1. Hukuk Dairesi 2018/2013 E. , 2019/1984 K.
"İçtihat Metni"MAHKEMESİ : BÖLGE ADLİYE MAHKEMESİ 2. HUKUK DAİRESİ
DAVA TÜRÜ : TAPU İPTALİ VE TESCİL
Taraflar arasında görülen tapu iptali ve tescil davası sonunda, yerel mahkemece ispatlanamadığı gerekçesiyle davanın reddine karar verilmiş, davacı vekilinin istinaf başvurusu üzerine,...Bölge Adliye Mahkemesi 2. Hukuk Dairesi tarafından istinaf başvurusunun 6100 sayılı HMK"nın 353/1-b/1 maddesi uyarınca esastan reddine ilişkin olarak verilen karar davacı vekili tarafından yasal süre içerisinde temyiz edilmiş olmakla dosya incelendi, Tetkik Hakimi ..."un raporu okundu, açıklamaları dinlendi, gereği görüşülüp düşünüldü;
-KARAR-
Dava, vekalet görevinin kötüye kullanılması hukuksal nedenine dayalı tapu iptali ve tescil isteğine ilişkindir.

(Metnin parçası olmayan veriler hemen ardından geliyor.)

(* Let $n\geq 1$ and $m\geq 2$. The perfect matchings $M_1=E_1\cup E_3\cup\cdots\cup E_{2m-1}$ and $M_2=E_2\cup E_4\cup\cdots\cup E_{2m}$ of $T(2n+1,2m)$ lie in different components of the total resonance graph $R_t(T(2n+1,2m))$.
   Context: $T(2n+1,2m)$ is the graph of the quadriculated torus with $2n+1$ rows and $2m$ columns: vertices $(u_i,v_j)$ for $i\in\mathbb{Z}_{2m}$ (indices $1,\dots,2m$ mod $2m$) and $j\in\mathbb{Z}_{2n+1}$, with $(u_i,v_j)$ adjacent to $(u_{i+1},v_j)$ and to $(u_i,v_{j+1})$; it is cellularly embedded in the torus with faces the $4$-cycles $(u_i,v_j)(u_{i+1},v_j)(u_{i+1},v_{j+1})(u_i,v_{j+1})$. For $1\le i\le 2m$, $E_i=\{(u_i,v_j)(u_{i+1},v_j): 1\le j\le 2n+1\}$ (index $i+1$ mod $2m$). The total resonance graph $R_t(G)$ has the perfect matchings of $G$ as vertices, two perfect matchings $M,M'$ being adjacent iff $M\oplus M'$ is exactly the boundary of one face. *)

From mathcomp Require Import all_boot.
Set Implicit Arguments. Unset Strict Implicit. Unset Printing Implicit Defensive.

(* A vertex (u_i, v_j) is encoded as the pair
   (i, j) : 'I_(2m) * 'I_(2n+1), with the paper's index i in {1..2m} encoded
   0-based as i-1 (similarly j).  Edges are 2-element vertex sets. *)
Section Torus.
Variables m n : nat.

Definition tvert := ('I_(2 * m) * 'I_(2 * n + 1))%type.

Definition hedge (x : tvert) : {set tvert} := [set x; (ordS x.1, x.2)].
Definition vedge (x : tvert) : {set tvert} := [set x; (x.1, ordS x.2)].

Definition tedges : {set {set tvert}} :=
  [set hedge x | x in [set: tvert]] :|: [set vedge x | x in [set: tvert]].

Definition face (x : tvert) : {set {set tvert}} :=
  [set hedge x; vedge (ordS x.1, x.2); hedge (x.1, ordS x.2); vedge x].

Definition tfaces : {set {set {set tvert}}} := [set face x | x in [set: tvert]].

Definition perfect_matching (M : {set {set tvert}}) : bool :=
  (M \subset tedges) && [forall v : tvert, #|[set e in M | v \in e]| == 1].

Definition Rt_adj : rel {set {set tvert}} := fun M M' =>
  [&& perfect_matching M, perfect_matching M' &
      ((M :\: M') :|: (M' :\: M)) \in tfaces].

(* E_k (paper's index k in {1..2m}, encoded 0-based as k-1) *)
Definition Eset (k : 'I_(2 * m)) : {set {set tvert}} :=
  [set hedge (k, j) | j in [set: 'I_(2 * n + 1)]].

(* M_1 = E_1 ∪ E_3 ∪ ... ∪ E_{2m-1}: 0-based even indices *)
Definition M1 : {set {set tvert}} := \bigcup_(k : 'I_(2 * m) | ~~ odd k) Eset k.
(* M_2 = E_2 ∪ E_4 ∪ ... ∪ E_{2m}: 0-based odd indices *)
Definition M2 : {set {set tvert}} := \bigcup_(k : 'I_(2 * m) | odd k) Eset k.

End Torus.
Arguments M1 : clear implicits.
Arguments M2 : clear implicits.
Arguments Rt_adj : clear implicits.
Arguments perfect_matching : clear implicits.

From mathcomp Require Import all_boot zify.
Set Implicit Arguments. Unset Strict Implicit. Unset Printing Implicit Defensive.

(* The parity of |E_1 ∩ M| is invariant along the edges of R_t: if M ⊕ M' is
   the boundary of a face, then E_1 ∩ (M ⊕ M') = (E_1 ∩ M) ⊕ (E_1 ∩ M') and a
   face boundary meets E_1 in no edge or in two parallel ones.  But M_1
   contains all 2n+1 edges of E_1 and M_2 none of them. *)

Lemma odd_card_symD (T : finType) (A B : {set T}) :
  odd #|(A :\: B) :|: (B :\: A)| = odd #|A| (+) odd #|B|.
Proof.
have disjD : (A :\: B) :&: (B :\: A) = set0.
  by apply/setP => x; rewrite !inE; case: (x \in A); rewrite ?andbF.
rewrite cardsU disjD cards0 subn0 -(cardsID B A) -(cardsID A B) setIC !oddD.
by case: (odd _); case: (odd _); case: (odd _).
Qed.

Lemma odd_card_setI_symD (T : finType) (E A B : {set T}) :
  odd #|E :&: ((A :\: B) :|: (B :\: A))| = odd #|E :&: A| (+) odd #|E :&: B|.
Proof.
rewrite -odd_card_symD.
suff -> : E :&: ((A :\: B) :|: (B :\: A)) = (E :&: A :\: E :&: B) :|: (E :&: B :\: E :&: A) by [].
by apply/setP => x; rewrite !inE; case: (x \in E).
Qed.

Lemma ordS_neq N (k : 'I_N) : 1 < N -> ordS k != k.
Proof.
move=> N_gt1; apply/eqP => /(congr1 val) /= kS_mod.
have := divn_eq k.+1 N; rewrite kS_mod.
by case: (k.+1 %/ N) => [|q]; nia.
Qed.

Lemma ordSS_neq N (k : 'I_N) : 2 < N -> ordS (ordS k) != k.
Proof.
move=> N_gt2; apply/eqP => /(congr1 val) /=; rewrite -addn1 modnDml addn1 => kSS_mod.
have := divn_eq k.+2 N; rewrite kSS_mod.
by case: (k.+2 %/ N) => [|q]; nia.
Qed.

Lemma odd_ordS m (k : 'I_(2 * m)) : odd (ordS k) = ~~ odd k.
Proof. by rewrite /= odd_mod // oddM. Qed.

Section TotalResonance.

Variables m n : nat.
Implicit Types (x y : tvert m n) (z k : 'I_(2 * m)) (M : {set {set tvert m n}}).
Local Notation Eset := (@Eset m n).

Lemma perfect_matching_bigcup_Eset (P : pred 'I_(2 * m)) :
  (forall k, P (ordS k) = ~~ P k) -> perfect_matching m n (\bigcup_(k | P k) Eset k).
Proof.
move=> P_ordS; apply/andP; split.
  apply/subsetP => _ /bigcupP[k _ /imsetP[j _ ->]].
  by rewrite inE; apply/orP; left; apply/imset_f.
apply/forallP => -[i j]; apply/eqP.
pose k0 := if P i then i else ord_pred i.
have P_k0 : P k0 by rewrite /k0; case: ifP => // /negbT; rewrite -{1}(ord_predK i) P_ordS negbK.
suff -> : [set e in \bigcup_(k | P k) Eset k | (i, j) \in e] = [set hedge (k0, j)].
  exact: cards1.
apply/setP => e; rewrite !inE; apply/andP/eqP => [|->].
  case=> /bigcupP[k P_k /imsetP[j' _ ->]]; rewrite /k0 !inE.
  by case/orP => /eqP[-> ->]; rewrite ?P_k // P_ordS P_k ordSK.
split; first by apply/bigcupP; exists k0 => //; apply/imset_f.
by rewrite /k0 !inE; case: ifP; rewrite ?ord_predK eqxx ?orbT.
Qed.

Lemma perfect_matching_M1 : perfect_matching m n (M1 m n).
Proof. by apply: perfect_matching_bigcup_Eset => k; rewrite odd_ordS. Qed.

Lemma perfect_matching_M2 : perfect_matching m n (M2 m n).
Proof. by apply: perfect_matching_bigcup_Eset => k; rewrite odd_ordS. Qed.

Hypothesis m_gt1 : 1 < m.
Hypothesis n_gt0 : 0 < n.

Let two_m_gt2 : 2 < 2 * m. Proof. lia. Qed.
Let two_n1_gt1 : 1 < 2 * n + 1. Proof. lia. Qed.

Lemma hedge_inj : injective (@hedge m n).
Proof.
move=> [x1 x2] [y1 y2] hxy.
have : (y1, y2) \in hedge (x1, x2) by rewrite hxy !inE eqxx.
have : (x1, x2) \in hedge (y1, y2) by rewrite -hxy !inE eqxx.
rewrite !inE !xpair_eqE /= => /orP[/andP[/eqP -> /eqP ->] // | /andP[/eqP -> /eqP ->]].
case/orP => /andP[/eqP/esym/eqP loop _].
  by rewrite (negbTE (ordS_neq _ (ltnW two_m_gt2))) in loop.
by rewrite (negbTE (ordSS_neq _ two_m_gt2)) in loop.
Qed.

Lemma vedge_neq_hedge x y : vedge y != hedge x.
Proof.
apply/eqP => hxy.
have row_x v : v \in hedge x -> v.2 = x.2 by rewrite !inE => /orP[] /eqP ->.
have := row_x (y.1, ordS y.2); have := row_x y; rewrite -hxy !inE !eqxx orbT /=.
by move=> /(_ isT) <- /(_ isT) /eqP; apply/negP/ordS_neq.
Qed.

Lemma mem_Eset_hedge z y : (hedge y \in Eset z) = (y.1 == z).
Proof.
apply/imsetP/eqP => [[j _ /hedge_inj -> //] | <-].
by exists y.2 => //; case: y.
Qed.

Lemma vedge_notin_Eset z y : vedge y \notin Eset z.
Proof. by apply/imsetP => -[j _ /eqP]; apply/negP/vedge_neq_hedge. Qed.

Lemma Eset_face z x :
  Eset z :&: face x = if x.1 == z then [set hedge x; hedge (x.1, ordS x.2)] else set0.
Proof.
apply/setP => e; rewrite !inE -!orbA !andb_orr.
have mem_eq f : (e \in Eset z) && (e == f) = (e == f) && (f \in Eset z).
  by case: eqP => [->|]; rewrite ?andbT ?andbF.
rewrite !mem_eq !mem_Eset_hedge !(negbTE (vedge_notin_Eset _ _)) !andbF orbF /=.
by case: (x.1 == z); rewrite ?inE ?andbT ?andbF.
Qed.

Lemma odd_card_Eset_face z x : ~~ odd #|Eset z :&: face x|.
Proof.
case: x => x1 x2; rewrite Eset_face /=; case: (x1 == z); last by rewrite cards0.
rewrite cards2; case: eqP => // /hedge_inj [] /esym/eqP.
by rewrite (negbTE (ordS_neq _ two_n1_gt1)).
Qed.

Lemma Rt_adj_odd_card_Eset z M M' :
  Rt_adj m n M M' -> odd #|Eset z :&: M| = odd #|Eset z :&: M'|.
Proof.
case/and3P => _ _ /imsetP[x _ symD_face].
have := odd_card_Eset_face z x.
by rewrite -symD_face odd_card_setI_symD negb_add => /eqP.
Qed.

Lemma Eset_bigcup z (P : pred 'I_(2 * m)) :
  Eset z :&: \bigcup_(k | P k) Eset k = if P z then Eset z else set0.
Proof.
apply/setP => e; rewrite inE; case: (boolP (e \in Eset z)) => [e_z|]; last first.
  by case: (P z); rewrite ?inE // => /negbTE ->.
rewrite andTb; case: ifP => P_z; rewrite ?e_z ?inE; apply/bigcupP; first by exists z.
have [j _ ->] := imsetP e_z; case=> k P_k.
by rewrite mem_Eset_hedge => /eqP /= z_k; rewrite -z_k P_z in P_k.
Qed.

Lemma card_Eset z : #|Eset z| = 2 * n + 1.
Proof. by rewrite card_imset ?cardsT ?card_ord // => j j' /hedge_inj []. Qed.

End TotalResonance.

Theorem lemma4p1 (n m : nat) :
  1 <= n -> 2 <= m ->
  [/\ perfect_matching m n (M1 m n), perfect_matching m n (M2 m n) &
      ~~ connect (Rt_adj m n) (M1 m n) (M2 m n)].
Proof.
move=> n_gt0 m_gt1; split; [exact: perfect_matching_M1 | exact: perfect_matching_M2 |].
have m2_gt0 : 0 < 2 * m by lia.
pose z0 := Ordinal m2_gt0.
pose parity := [pred M | odd #|@Eset m n z0 :&: M|].
have parity_closed : closed (Rt_adj m n) parity.
  by move=> M M' /(Rt_adj_odd_card_Eset m_gt1 n_gt0 z0).
apply/negP => /(closed_connect parity_closed).
rewrite !inE /M1 /M2 !Eset_bigcup //= card_Eset // cards0.
by rewrite addn1 /= oddM.
Qed.
(* The matrix of multiplication by u + v sqrt d on R[sqrt d] in the basis
   (1, sqrt d): these matrices form a commutative model of R[sqrt d]. *)
Definition qmx d u v : 'M[R]_2 :=
  \matrix_(i, j) if i == j then u else if i == ord0 then d * v else v.

Lemma qmx_mul d u v u' v' :
  qmx d u v * qmx d u' v' = qmx d (u * u' + d * v * v') (u * v' + v * u').
Proof.
apply/matrixP => i j; rewrite -mulmxE !mxE !big_ord_recr big_ord0 !mxE /=.
by case: i => [[|[|//]] ?]; case: j => [[|[|//]] ?] /=; ring.
Qed.

Lemma qmx_add d u v u' v' : qmx d u v + qmx d u' v' = qmx d (u + u') (v + v').
Proof.
apply/matrixP => i j; rewrite !mxE.
by case: i => [[|[|//]] ?]; case: j => [[|[|//]] ?] /=; ring.
Qed.

Lemma qmx_scalar d s : qmx d s 0 = s%:M.
Proof.
apply/matrixP => i j; rewrite !mxE.
by case: i => [[|[|//]] ?]; case: j => [[|[|//]] ?] /=; rewrite ?mulr0.
Qed.

Lemma qmx_inj d u v u' v' : qmx d u v = qmx d u' v' -> u = u' /\ v = v'.
Proof.
by move/matrixP => eq_qmx; split; [move: (eq_qmx 0 0) | move: (eq_qmx 1 0)];
  rewrite !mxE.
Qed.

Lemma qmx_comm d u v u' v' : GRing.comm (qmx d u v) (qmx d u' v').
Proof. by rewrite /GRing.comm !qmx_mul; congr qmx; ring. Qed.

Lemma scalar_mul_qmx d s u v : s%:M * qmx d u v = qmx d (s * u) (s * v).
Proof. by rewrite -(qmx_scalar d) qmx_mul; congr qmx; ring. Qed.

Lemma qmx_frob p d u v : p \in [pchar R] -> odd p ->
  qmx d u v ^+ p = qmx d (u ^+ p) (d ^+ p./2 * v ^+ p).
Proof.
move=> pchar_p p_odd; set n := p./2.
have pchar_mx : p \in [pchar 'M[R]_2].
  by rewrite inE (pcharf_prime pchar_p) -scaler_nat (pcharf0 pchar_p) scale0r eqxx.
have p_half : p = (2 * n).+1 by rewrite mul2n -[in LHS](odd_double_half p) p_odd.
have -> : qmx d u v = qmx d u 0 + qmx d 0 v by rewrite qmx_add add0r addr0.
rewrite -pFrobenius_autE pFrobenius_autD_comm ?pFrobenius_autE; last exact: qmx_comm.
have sqr_sqrt : qmx d 0 v ^+ 2 = (d * v ^+ 2)%:M.
  by rewrite expr2 qmx_mul -(qmx_scalar d); congr qmx; ring.
rewrite qmx_scalar -rmorphXn /= {2}p_half exprS exprM sqr_sqrt -rmorphXn /=.
rewrite -!(qmx_scalar d) qmx_mul qmx_add; congr qmx; first ring.
have -> : v ^+ p = v * (v ^+ 2) ^+ n by rewrite p_half exprS exprM.
by rewrite exprMn; ring.
Qed.

Lemma qmx_mul_conj d u v : qmx d u v * qmx d u (-v) = (u ^+ 2 - d * v ^+ 2)%:M.
Proof. by rewrite qmx_mul -(qmx_scalar d); congr qmx; ring. Qed.

Lemma qmx_shift_sqr (a : R) :
  qmx (a ^+ 2 - 1) (a + 1) 1 ^+ 2 = (2 * (a + 1))%:M * qmx (a ^+ 2 - 1) a 1.
Proof. by rewrite expr2 scalar_mul_qmx qmx_mul; congr qmx; ring. Qed.

End QuadraticMatrix.

Lemma eqmod_sqr_of_norm1 (p : nat) (T U d s : int) : prime p -> odd p ->
  T ^+ 2 - d * U ^+ 2 = 1 -> s ^+ 2 = 1 ->
  (T = s %[mod p%:Z])%Z -> (U = 0 %[mod p%:Z])%Z -> (T = s %[mod p%:Z ^+ 2])%Z.
Proof.
move=> p_pr p_odd norm1 s_sqr /eqP + /eqP; rewrite !eqz_mod_dvd subr0.
move=> p_dvd_Ts p_dvdU.
have p_ndvd_2s : ~~ (p%:Z %| 2 * s)%Z.
  apply/negP => /(dvdz_mulr s); rewrite -mulrA -expr2 s_sqr mulr1 dvdzE /=.
  by rewrite dvdn_prime2 // => /eqP p2; rewrite p2 in p_odd.
have coprime_Ts : coprimez (p%:Z ^+ 2) (T + s).
  rewrite coprimezE abszX coprime_pexpl // prime_coprime //.
  apply: contra p_ndvd_2s => p_dvd_sum.
  rewrite (_ : 2 * s = (T + s) - (T - s)); last ring.
  by rewrite rpredB.
apply/eqP; rewrite eqz_mod_dvd -(Gauss_dvdzl _ coprime_Ts).
have -> : (T - s) * (T + s) = (T ^+ 2 - d * U ^+ 2) - s ^+ 2 + d * U ^+ 2 by ring.
by rewrite norm1 s_sqr subrr add0r dvdz_mull // dvdz_exp2r.
Qed.

Section HalfPowers.

Variables (p : nat) (alpha : 'F_p).
Hypotheses (p_pr : prime p) (p_odd : odd p) (alpha_neqN1 : alpha != -1).

Local Notation n := p./2.
Local Notation D := (alpha ^+ 2 - 1).
Local Notation c := (2 * (alpha + 1)).
Local Notation W := (qmx D alpha 1).
Local Notation G := (qmx D (alpha + 1) 1).

Let c_neq0 : c != 0.
Proof. by rewrite mulf_neq0 ?Fp_two_neq0 // addr_eq0. Qed.

Let p_half : p = (2 * n).+1.
Proof. by rewrite mul2n -[in LHS](odd_double_half p) p_odd. Qed.

Let G_pow_double m : G ^+ (2 * m) = (c ^+ m)%:M * W ^+ m.
Proof.
rewrite exprM qmx_shift_sqr exprMn_comm -?rmorphXn //.
by rewrite /GRing.comm -(qmx_scalar D) qmx_comm.
Qed.

Let G_frob : G ^+ (2 * n).+1 = qmx D (alpha + 1) (D ^+ n).
Proof.
by rewrite -p_half qmx_frob ?pchar_Fp // !Fp_expp // mulr1.
Qed.

Let c_half_sqr : c ^+ n * c ^+ n = 1.
Proof.
have p_pred : p.-1 = (2 * n)%N by rewrite [in LHS]p_half.
by rewrite -exprD addnn -mul2n -p_pred Fp_expf_pred.
Qed.

Let W_pow_of_scaled m :
  c%:M * ((c ^+ n)%:M * W ^+ m) = c%:M -> W ^+ m = (c ^+ n)%:M.
Proof.
have c_unit : (c%:M : 'M_2) \is a GRing.unit by rewrite rmorph_unit ?unitfE.
rewrite -[RHS]mulr1 => /(mulrI c_unit) W_inv.
have c_half_mx : (c ^+ n)%:M * (c ^+ n)%:M = 1 :> 'M_2.
  by rewrite -rmorphM c_half_sqr rmorph1.
by rewrite -[W ^+ m]mul1r -c_half_mx -mulrA W_inv mulr1.
Qed.

Let G_mul_conj : G * qmx D (alpha + 1) (-1) = c%:M.
Proof. by rewrite qmx_mul_conj; congr (_ %:M); ring. Qed.

Lemma qmx_half_pow_sqr : D ^+ n = 1 -> W ^+ n = (c ^+ n)%:M.
Proof.
move=> D_half; apply: W_pow_of_scaled.
have := congr1 (fun M => qmx D (alpha + 1) (-1) * M) G_frob.
by rewrite /= D_half [G ^+ _]exprS mulrA qmx_comm G_mul_conj G_pow_double.
Qed.

Lemma qmx_half_pow_nonsqr : D ^+ n = -1 -> W ^+ n.+1 = (c ^+ n)%:M.
Proof.
move=> D_half; apply: W_pow_of_scaled.
have G_pow : G ^+ (2 * n.+1) = c%:M.
  by rewrite mulnS add2n exprSr G_frob D_half qmx_comm G_mul_conj.
by rewrite mulrA -rmorphM -exprS -G_pow_double.
Qed.

End HalfPowers.

Definition qmx_Fp (p : nat) (d : int) (x : int * int) : 'M['F_p]_2 :=
  qmx d%:~R x.1%:~R x.2%:~R.

Lemma qmx_Fp_mul p d x y : qmx_Fp p d (qmul d x y) = qmx_Fp p d x * qmx_Fp p d y.
Proof. by rewrite /qmx_Fp qmx_mul /qmul /= !rmorphD !rmorphM. Qed.

Lemma qmx_Fp_pow p d x m : qmx_Fp p d (qpow d x m) = qmx_Fp p d x ^+ m.
Proof.
elim: m => [|m IHm]; first by rewrite /qmx_Fp /= qmx_scalar.
by rewrite /qpow iterS -/(qpow d x m) qmx_Fp_mul IHm exprS.
Qed.

Lemma qcongP p d x y : prime p -> qcong p%:Z x y <-> qmx_Fp p d x = qmx_Fp p d y.
Proof.
move=> p_pr; rewrite /qcong /qmx_Fp; split.
  by case=> /(Fp_int_eqP p_pr)/eqP-> /(Fp_int_eqP p_pr)/eqP->.
by case/qmx_inj => /eqP/(Fp_int_eqP p_pr) ? /eqP/(Fp_int_eqP p_pr).
Qed.

Lemma qpow_norm d x m :
  (qpow d x m).1 ^+ 2 - d * (qpow d x m).2 ^+ 2 = (x.1 ^+ 2 - d * x.2 ^+ 2) ^+ m.
Proof.
elim: m => [|m IHm]; first by rewrite /= expr0; ring.
by rewrite /qpow iterS -/(qpow d x m) [in RHS]exprS -IHm /qmul /=; ring.
Qed.

Lemma half_sub_sign (p : nat) (e : int) : odd p -> e = 1 \/ e = -1 ->
  (absz (p%:Z - e)%R %/ 2)%N = (if e == 1 then p./2 else p./2.+1) /\
  (absz (p%:Z + e)%R %/ 2)%N = (if e == 1 then p./2.+1 else p./2).
Proof.
move=> p_odd; have p_eq : p = p./2.*2.+1 by rewrite -[in LHS](odd_double_half p) p_odd.
by case=> -> /=; split; lia.
Qed.

Section ChebyshevHalfIndex.

Variables (p : nat) (a : int).
Hypotheses (p_pr : prime p) (p_odd : odd p).
Hypotheses (a_not1 : ~ (a = 1 %[mod p%:Z])%Z) (a_notN1 : ~ (a = -1 %[mod p%:Z])%Z).

Local Notation d := (a ^+ 2 - 1).
Local Notation eps := (legendre p (a ^+ 2 - 1)).
Local Notation delta := (legendre p (2 * (a + 1))).
Local Notation n1 := (absz (p%:Z - eps)%R %/ 2)%N.
Local Notation n2 := (absz (p%:Z + eps)%R %/ 2)%N.
Local Notation alpha := (a%:~R : 'F_p).

Let alpha_neqN1 : alpha != -1.
Proof.
by apply: contra_notN a_notN1 => /eqP alpha_eq; apply/(Fp_int_eqP p_pr); rewrite alpha_eq.
Qed.

Let alpha_neq1 : alpha != 1.
Proof.
by apply: contra_notN a_not1 => /eqP alpha_eq; apply/(Fp_int_eqP p_pr); rewrite alpha_eq.
Qed.

Let D_Fp : (d%:~R : 'F_p) = alpha ^+ 2 - 1.
Proof. by rewrite rmorphB rmorphXn. Qed.

Let c_Fp : ((2 * (a + 1))%:~R : 'F_p) = 2 * (alpha + 1).
Proof. by rewrite intrM intrD. Qed.

Lemma legendre_sqr_sub1_pm1 : eps = 1 \/ eps = -1.
Proof.
apply: legendre_pm1; rewrite (dvdz_pcharf (pchar_Fp p_pr)) D_Fp.
by rewrite subr_eq0 sqrf_eq1 negb_or alpha_neq1.
Qed.

Lemma legendre_double_succ_pm1 : delta = 1 \/ delta = -1.
Proof.
apply: legendre_pm1; rewrite (dvdz_pcharf (pchar_Fp p_pr)) c_Fp.
by rewrite mulf_neq0 ?Fp_two_neq0 // addr_eq0.
Qed.

Lemma qpow_omega_half :
  qcong p%:Z (qpow d (omega a) n1) (delta, 0) /\
  qcong p%:Z (qpow d (omega a) n2)
    (qmul d (delta, 0) (if eps == 1 then omega a else omega_inv a)).
Proof.
rewrite !(@qcongP p d) // qmx_Fp_mul !qmx_Fp_pow /qmx_Fp /= D_Fp qmx_scalar.
have eps_Fp : eps%:~R = (alpha ^+ 2 - 1) ^+ p./2 by rewrite legendre_Fp // D_Fp.
have delta_Fp : delta%:~R = (2 * (alpha + 1)) ^+ p./2 by rewrite legendre_Fp // c_Fp.
have [n1_eq n2_eq] := half_sub_sign p_odd legendre_sqr_sub1_pm1.
rewrite n1_eq n2_eq delta_Fp.
case: legendre_sqr_sub1_pm1 eps_Fp => -> /=; rewrite ?mulrN1z mulr1z => /esym D_half.
  have W_half := qmx_half_pow_sqr p_pr p_odd alpha_neqN1 D_half.
  by rewrite [_ ^+ p./2.+1]exprSr W_half.
have W_mul_conj : qmx (alpha ^+ 2 - 1) alpha 1 * qmx (alpha ^+ 2 - 1) alpha (-1) = 1.
  by rewrite qmx_mul_conj; congr (_ %:M); ring.
have W_half := qmx_half_pow_nonsqr p_pr p_odd alpha_neqN1 D_half.
by rewrite -W_half [_ ^+ p./2.+1]exprSr -mulrA W_mul_conj mulr1.
Qed.

Lemma cheb_half_cong :
  [/\ (chebT a n1 = delta %[mod p%:Z])%Z, (chebU a n1.-1 = 0 %[mod p%:Z])%Z,
       (chebT a n2 = delta * a %[mod p%:Z])%Z &
       (chebU a n2.-1 = delta * eps %[mod p%:Z])%Z].
Proof.
have [[T1 U1] [T2 U2]] := qpow_omega_half.
have qmul_eq : qmul d (delta, 0) (if eps == 1 then omega a else omega_inv a) =
               (delta * a, delta * eps).
  by rewrite /qmul; case: legendre_sqr_sub1_pm1 => -> /=; congr pair; ring.
rewrite qmul_eq in T2 U2.
have [n1_eq n2_eq] := half_sub_sign p_odd legendre_sqr_sub1_pm1.
have n_gt0 : (0 < p./2)%N by rewrite half_gt0 prime_gt1.
rewrite /chebU !prednK; first by split.
  by rewrite n2_eq; case: (eps == 1).
by rewrite n1_eq; case: (eps == 1).
Qed.

Lemma chebT_half_mod_sqr : (chebT a n1 = delta %[mod p%:Z ^+ 2])%Z.
Proof.
have [[T1 U1] _] := qpow_omega_half.
apply: (eqmod_sqr_of_norm1 (d := d) p_pr p_odd _ _ T1 U1).
  by rewrite qpow_norm /= [_ - _](_ : _ = 1) ?expr1n //; ring.
by case: legendre_double_succ_pm1 => ->.
Qed.

End ChebyshevHalfIndex.

Theorem theorem2p1 (p : nat) (a : int) :
  prime p -> odd p ->
  ~ (a = 1 %[mod p%:Z])%Z -> ~ (a = -1 %[mod p%:Z])%Z ->
  let eps := legendre p (a ^+ 2 - 1) in
  let delta := legendre p (2 * (a + 1)) in
  let d := a ^+ 2 - 1 in
  let n1 := (absz (p%:Z - eps)%R %/ 2)%N in   (* (p - eps)/2 *)
  let n2 := (absz (p%:Z + eps)%R %/ 2)%N in   (* (p + eps)/2 *)
  (eps = 1 \/ eps = -1) /\ (delta = 1 \/ delta = -1) /\
  qcong p%:Z (qpow d (omega a) n1) (delta, 0) /\
  qcong p%:Z (qpow d (omega a) n2)
          (qmul d (delta, 0) (if eps == 1 then omega a else omega_inv a)) /\
  (chebT a n1 = delta %[mod p%:Z])%Z /\
  (chebU a n1.-1 = 0 %[mod p%:Z])%Z /\
  (chebT a n2 = delta * a %[mod p%:Z])%Z /\
  (chebU a n2.-1 = delta * eps %[mod p%:Z])%Z /\
  (chebT a n1 = delta %[mod (p%:Z) ^+ 2])%Z /\
  ((chebT a n1 = delta %[mod p%:Z])%Z -> (chebU a n1.-1 = 0 %[mod p%:Z])%Z).
Proof.
move=> p_pr p_odd a_not1 a_notN1 eps delta d n1 n2.
have [pow_n1 pow_n2] := qpow_omega_half p_pr p_odd a_not1 a_notN1.
have [T_n1 U_n1 T_n2 U_n2] := cheb_half_cong p_pr p_odd a_not1 a_notN1.
split; first exact: legendre_sqr_sub1_pm1.
split; first exact: legendre_double_succ_pm1.
do 6 split=> //.
by split=> [|_ //]; apply: chebT_half_mod_sqr.
Qed.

Davacı, yurt dışında yaşadığını, Türkiye’deki işlerini takip etmesi için eşinin de akrabası olan dava dışı ... ’u...24.Noterliği’nin 11.08.1999 tarihli vekaletnamesi ile (genel yetkileri içerir şekilde) vekil tayin ettiğini, ancak vekil ...’ın bilgisi ve onayı olmadan dava konusu 541 ada 1 parsel (imar ile 993 ada 2 ve 3 parsel) sayılı taşınmazını davalılardan ...’e, 492 ada 6 parsel sayılı taşınmazdaki payını ise diğer davalılar ...ve...’a satış suretiyle devir ettiğini, kendisine herhangi bir satış bedeli de ödenmediğini, davalıların çıkar ve iş birliği içerisinde hareket ettiklerini ileri sürerek, tapu kaydının iptali ile adına tesciline karar verilmesini istemiştir.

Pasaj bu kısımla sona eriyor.